The 4000 dpi (about 20mp?) bicycle image on front looks better but still it seems obvious they're at the upper limits and parts of it look like it's been sharpened to me - I guess maybe by the scanner package? On top of that notice again that other than the ultra high contrast areas the image looks almost like a soft-focus lens was used.   Signs that it's being scanned above it's equivalent digital resolution.

Oh well, sales people huh?


----------



## christopher walrath (Aug 3, 2008)

You wanna be technical?  There are around 40BILLION silver halide crystals in a 35mm negative.  That's 40 billion microscopic pieces that can individually record the presence of a reflected photon.  I think I heard somewhere that a billion in digispeak was a gig.  So, technically speaking a 35mm negative would equivocate a 40 GP camera.

Wait for it . . . wait for it . . .

REALITY.  No, you're probably not gonna get better resolution from a TMX neg than you would from an image captured with an H3D.  4x5 film, that's a different story.

Film and digital will have comparable image quality up to a point.  Large Format negatives at extreme enlargements will blow anything electrical out of the water.


----------



## fabric (Aug 15, 2008)

the latent image exposed on a negative is only a few atoms of silver compound, otherwise the exposure would take hours not milliseconds. the development-phase amplifies this up into the millions, giving a visible image.

a general equivalence is 20-25 megapixels for 135 film, 50
for 120 film and 100mp+ for sheet film. that is assuming a 
tripod, pukka optics are used and mirror locked-up on an SLR.
.. and thats 20million 'good pixels', apparently. a handheld 
shot in a everyday situation is a lot less. (apparently).

we all have to pedantically keep reminding ourselves, "megapixels" is not such a useful way of considering image
resolution. size of sensor and optics are more pertinent.


----------



## prodigy2k7 (Aug 15, 2008)

christopher walrath said:


> Film and digital will have comparable image quality up to a point.  Large Format negatives at extreme enlargements will blow anything electrical out of the water.



I would hope so!
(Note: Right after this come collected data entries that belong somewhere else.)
Definition d_expanding (h s : nat) (phi : R) (A : X -> R) : Prop :=
  forall C : F -> R, is_moving_cut (h * s) C ->
  forall D : X -> X -> R,
    (forall x y, 0 <= D x y) ->
    (forall x y, D x y = D y x) ->
    d_respecting A D -> d_hlength h D ->
    0 < d_sep (h * s) C (h * s)%:R D ->
    phi <= d_cut_size C / d_sep (h * s) C (h * s)%:R D.

End Digraph.

(* ends e = the two endpoints of e (unordered).                       *)
Section VCGraph.
Variables (V E : finType) (ends : E -> V * V)
          (lenV capV : V -> nat) (lenE capE : E -> nat).

Definition joins (e : E) (x y : V) : bool :=
  ((ends e).1 == x) && ((ends e).2 == y) || ((ends e).1 == y) && ((ends e).2 == x).

(* a walk from x to y: x, (e1,x1), ..., (ek,xk) with xk = y *)
Fixpoint vwalk (x y : V) (p : seq (E * V)) : bool :=
  match p with
  | [::] => x == y
  | st :: p' => joins st.1 x st.2 && vwalk st.2 y p'
  end.

Definition vpathlen (l : (V + E)%type -> R) (x : V) (p : seq (E * V)) : R :=
  l (inl x) + \sum_(st <- p) (l (inr st.1) + l (inl st.2)).

(* convention dist(x,x) = 0 *)
Definition vdist_le (l : (V + E)%type -> R) (x y : V) (b : R) : Prop :=
  x = y \/ exists p, vwalk x y p /\ vpathlen l x p <= b.
Definition vdist_gt (l : (V + E)%type -> R) (x y : V) (b : R) : Prop :=
  x <> y /\ forall p, vwalk x y p -> b < vpathlen l x p.

Definition vc_len (z : (V + E)%type) : nat :=
  match z with inl v => lenV v | inr e => lenE e end.
Definition vc_cap (z : (V + E)%type) : nat :=
  match z with inl v => capV v | inr e => capE e end.

Definition v_len (z : (V + E)%type) : R := (vc_len z)%:R.
Definition v_cut_len (H : nat) (C : (V + E)%type -> R) (z : (V + E)%type) : R :=
  (vc_len z)%:R + H%:R * C z.

Definition v_cut_size (C : (V + E)%type -> R) : R :=
  \sum_(z : (V + E)%type) (vc_cap z)%:R * C z.

Definition v_sep (H : nat) (C : (V + E)%type -> R) (h' : R) (D : V -> V -> R) : R :=
  \sum_(x : V) \sum_(y : V)
     (if `[< vdist_gt (v_cut_len H C) x y h' >] then D x y else 0).
Fixpoint count_holding (l : list (W -> Prop)) (x : W) : nat :=
  match l with
  | [] => 0
  | P :: l => (if excluded_middle_informative (P x) then 1 else 0) + count_holding l x
  end.

Lemma count_holding_le_length l x : count_holding l x <= length l.
Proof.
  induction l as [|P l IH]; simpl; [lia |].
  destruct (excluded_middle_informative (P x)); lia.
Qed.

Lemma count_holding_mono l x y :
  incl l ps -> R x y -> count_holding l x <= count_holding l y.
Proof.
  intros Hl Hxy; induction l as [|P l IH]; simpl; [lia |].
  apply incl_cons_inv in Hl as [HP Hl].
  destruct (excluded_middle_informative (P x)) as [HPx|HPx],
           (excluded_middle_informative (P y)) as [HPy|HPy];
    try (specialize (IH Hl); lia).
  exfalso; exact (HPy (ps_persistent P x y HP Hxy HPx)).
Qed.

Lemma count_holding_eq l x y : incl l ps -> R x y ->
  count_holding l x = count_holding l y -> forall P, In P l -> P y -> P x.
Proof.
  intros Hl Hxy; induction l as [|Q l IH]; simpl; [tauto |].
  apply incl_cons_inv in Hl as [HQ Hl].
  pose proof (count_holding_mono l x y Hl Hxy).
  pose proof (ps_persistent Q x y HQ Hxy).
  destruct (excluded_middle_informative (Q x)), (excluded_middle_informative (Q y));
    intros Heq P [<-|HP] HPy; try tauto; try lia; apply IH; auto; lia.
Qed.

(** Each non-stable step of a path makes one more predicate hold, so a path that is longer
    than the gain it realises meets a stable world. *)
Lemma path_meets_stable k v z : relpow R k v z ->
  count_holding ps z < count_holding ps v + k -> exists u, (v = u \/ R v u) /\ R u z /\ stable u.
Proof.
  revert v; induction k as [|k IH]; intros v; simpl; [intros <-; lia |].
  intros (y & Hvy & Hyz) Hcount.
  assert (Hvz : R v z) by (destruct (relpow_in_refl_trans _ R_trans _ _ _ Hyz) as [<-|]; eauto).
  pose proof (count_holding_mono ps v y (incl_refl _) Hvy).
  destruct (classic (count_holding ps v = count_holding ps y)) as [Heq|Hneq].
  - exists v; repeat split; auto.
    exists y; split; [exact Hvy | apply count_holding_eq; auto using incl_refl].
  - destruct (IH y Hyz) as (u & Hyu & Huz & Hu); [lia |].
    exists u; split; [right; destruct Hyu as [<-|]; eauto | auto].
Qed.

Lemma long_path_meets_stable k v z : length ps < k -> relpow R k v z ->
  exists u, (v = u \/ R v u) /\ R u z /\ stable u.
Proof.
  intros Hk Hvz; apply (path_meets_stable k); [exact Hvz |].
  pose proof (count_holding_le_length ps z); lia.
Qed.

End StableWorlds.

Fixpoint subformulas (A : lint) : list lint :=
  A :: match A with
       | LAnd a b | LOr a b | LImp a b => subformulas a ++ subformulas b
       | _ => []
       end.

Lemma subformulas_self A : In A (subformulas A).
Proof. destruct A; left; reflexivity. Qed.

Lemma two_le_w A : 2 <= w A.
Proof. induction A; simpl; nia. Qed.

Lemma length_subformulas_lt_w A : length (subformulas A) < w A.
Proof.
  induction A; simpl; rewrite ?length_app; [lia | lia | ..];
    pose proof (two_le_w A1); pose proof (two_le_w A2); nia.
Qed.

Section StableModel.
Context {W : Type} (R : relation W) (V : W -> nat -> Prop).
Hypothesis R_trans : transitive W R.
Variables (n : nat) (A : lint).
Hypothesis n_large : length (subformulas A) < n.

Definition neg_sat C x := msat R V x (G (neg n C)).
Definition pos_sat C x := msat R V x (G (pos n C)).

Definition neg_preds := map neg_sat (subformulas A).

Lemma neg_preds_persistent P x y : In P neg_preds -> R x y -> P x -> P y.
Proof.
  unfold neg_preds; rewrite in_map_iff; intros (C & <- & _).
  apply msat_G_persistent, R_trans.
Qed.

Record sworld := { sworld_pt :> W; sworld_stable : stable R neg_preds sworld_pt }.

Definition sworld_le (u v : sworld) := sworld_pt u = v \/ R u v.
Definition sworld_val (u : sworld) p := msat R V u (MBox (MVar p)).

Lemma sworld_le_refl : reflexive sworld sworld_le.
Proof. intros u; left; reflexivity. Qed.

Lemma sworld_le_trans : transitive sworld sworld_le.
Proof.
  intros u v t [Huv|Huv] [Hvt|Hvt]; unfold sworld_le;
    rewrite ?Huv, <- ?Hvt; eauto.
Qed.

Lemma sworld_val_persistent : persistent_val sworld_le sworld_val.
Proof.
  intros u v p [Huv|Huv]; unfold sworld_val; [rewrite Huv; auto |].
  exact (msat_G_persistent _ V R_trans (TVar p) _ _ Huv).
Qed.

Let sforces := iforces sworld_le sworld_val.

Lemma reach_trans x y z : R x y -> y = z \/ R y z -> R x z.
Proof. intros Hxy [<-|Hyz]; eauto. Qed.

Lemma sforces_below (u v : sworld) (x : W) C :
  R u x -> x = v \/ R x v -> sforces u C -> sforces v C.
Proof.
  intros Hux Hxv; apply iforces_persistent;
    auto using sworld_le_trans, sworld_val_persistent.
  right; exact (reach_trans _ _ _ Hux Hxv).
Qed.

Lemma stable_neg_sat (u : sworld) C : In C (subformulas A) ->
  (forall y, R u y -> neg_sat C y) -> neg_sat C u.
Proof.
  intros HC Hsucc; destruct (sworld_stable u) as (u' & Huu' & Hback).
  apply (Hback (neg_sat C)); [apply in_map, HC | apply Hsucc, Huu'].
Qed.

(** This is where the weight enters: a path of [n] steps passes through a stable world. *)
Lemma pos_sat_padding B (x : W) :
  (forall (u : sworld) y, x = u \/ R x u -> R u y -> msat R V y (G B)) ->
  msat R V x (G (topimp n B)).
Proof.
  intros H; apply msat_G_topimp; intros y Hxy.
  destruct (long_path_meets_stable _ R_trans neg_preds neg_preds_persistent n x y)
    as (u & Hxu & Huy & Hu); [unfold neg_preds; rewrite length_map; exact n_large | exact Hxy |].
  exact (H {| sworld_pt := u; sworld_stable := Hu |} y Hxu Huy).
Qed.

Definition neg_sat_sforces C := forall u : sworld, neg_sat C u -> sforces u C.
Definition sforces_pos_sat C :=
  forall x : W, (forall u : sworld, x = u \/ R x u -> sforces u C) -> pos_sat C x.

Lemma pos_sat_above C (u : sworld) (x : W) :
  sforces_pos_sat C -> R u x -> sforces u C -> pos_sat C x.
Proof. intros HC Hux Hu; apply HC; intros v Hxv; exact (sforces_below u v x C Hux Hxv Hu). Qed.

Lemma sforces_pos_sat_var p : sforces_pos_sat (LVar p).
Proof.
  intros x H; apply pos_sat_padding; intros u y Hxu Huy.
  exact (msat_G_persistent _ V R_trans (TVar p) _ _ Huy (H u Hxu)).
Qed.

Lemma sforces_pos_sat_bot : sforces_pos_sat LBot.
Proof. intros x H; apply pos_sat_padding; intros u y Hxu _; exact (H u Hxu). Qed.

Lemma neg_sat_sforces_and a b :
  neg_sat_sforces a -> neg_sat_sforces b -> neg_sat_sforces (LAnd a b).
Proof. intros Na Nb u [Hua Hub]; split; [apply Na | apply Nb]; assumption. Qed.

Lemma sforces_pos_sat_and a b :
  sforces_pos_sat a -> sforces_pos_sat b -> sforces_pos_sat (LAnd a b).
Proof.
  intros Pa Pb x H; apply pos_sat_padding; intros u y Hxu Huy.
  destruct (H u Hxu) as [Hua Hub].
  split; [exact (pos_sat_above a u y Pa Huy Hua) | exact (pos_sat_above b u y Pb Huy Hub)].
Qed.

Lemma neg_sat_sforces_or a b :
  neg_sat_sforces a -> neg_sat_sforces b -> neg_sat_sforces (LOr a b).
Proof. intros Na Nb u [Hua|Hub]; [left; apply Na | right; apply Nb]; assumption. Qed.

Lemma sforces_pos_sat_or a b :
  sforces_pos_sat a -> sforces_pos_sat b -> sforces_pos_sat (LOr a b).
Proof.
  intros Pa Pb x H; apply pos_sat_padding; intros u y Hxu Huy.
  destruct (H u Hxu) as [Hua|Hub];
    [left; exact (pos_sat_above a u y Pa Huy Hua) | right; exact (pos_sat_above b u y Pb Huy Hub)].
Qed.

Lemma neg_sat_sforces_imp a b : In b (subformulas A) ->
  sforces_pos_sat a -> neg_sat_sforces b -> neg_sat_sforces (LImp a b).
Proof.
  intros Hb Pa Nb u Hu v Huv Hva.
  assert (Hpa : pos_sat a v).
  { apply Pa; intros t Hvt.
    exact (iforces_persistent _ _ sworld_le_trans sworld_val_persistent a v t Hvt Hva). }
  apply Nb; destruct Huv as [Huv|Huv]; [| exact (Hu v Huv Hpa)].
  (* [u] is [v] itself, not an [R]-predecessor: stability transfers [b^-] back from a successor. *)
  apply stable_neg_sat; [exact Hb |].
  intros y Hvy; rewrite <- Huv in Hvy, Hpa; apply Hu; [exact Hvy |].
  exact (msat_G_persistent _ V R_trans _ _ _ Hvy Hpa).
Qed.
Electrical isn't supposed to be in water!


----------



## ksmattfish (Aug 15, 2008)

A couple of articles from some serious photo geeks.

http://www.clarkvision.com/imagedetail/film.vs.digital.summary1.html

http://www.normankoren.com/Tutorials/MTF7.html

You shoot with whatever 35mm film you want.  I'll shoot with a Canon 5D 12.8mp DSLR.  We'll make 20"x30" prints and hang them next to each other on the wall.  It won't even be close.


----------



## djacobox372 (Aug 22, 2008)

I shoot both film and digital, and I find that 10mp digital photos capture as much detail as the finest 35mm film... HOWEVER, film grain is a lot more pleasing to look at, so blowups of 35mm film look a bit better then 10mp digital even if there isn't any more detectable detail.

I think it's safe to say that 12mp = 35mm film


----------



## Helen B (Aug 22, 2008)

I wish that my 12 megapixel D3 was capable of recording as much detail as I can get from the best current 35 mm films, and that it had the same dynamic range.

Best,
Helen


----------



## djacobox372 (Aug 24, 2008)

Helen B said:


> I wish that my 12 megapixel D3 was capable of recording as much detail as I can get from the best current 35 mm films, and that it had the same dynamic range.
> 
> Best,
> Helen


 
100% agreement on the dynamic range issue, this is where film has it ALL over digital.

As for detail, my own observations along with every detailed comparison I've ever seen done has shown film to fall a bit short of 12mp digital.  If you know of a detailed article that proves the reverse please send it to me, I'm very curious.

thx


----------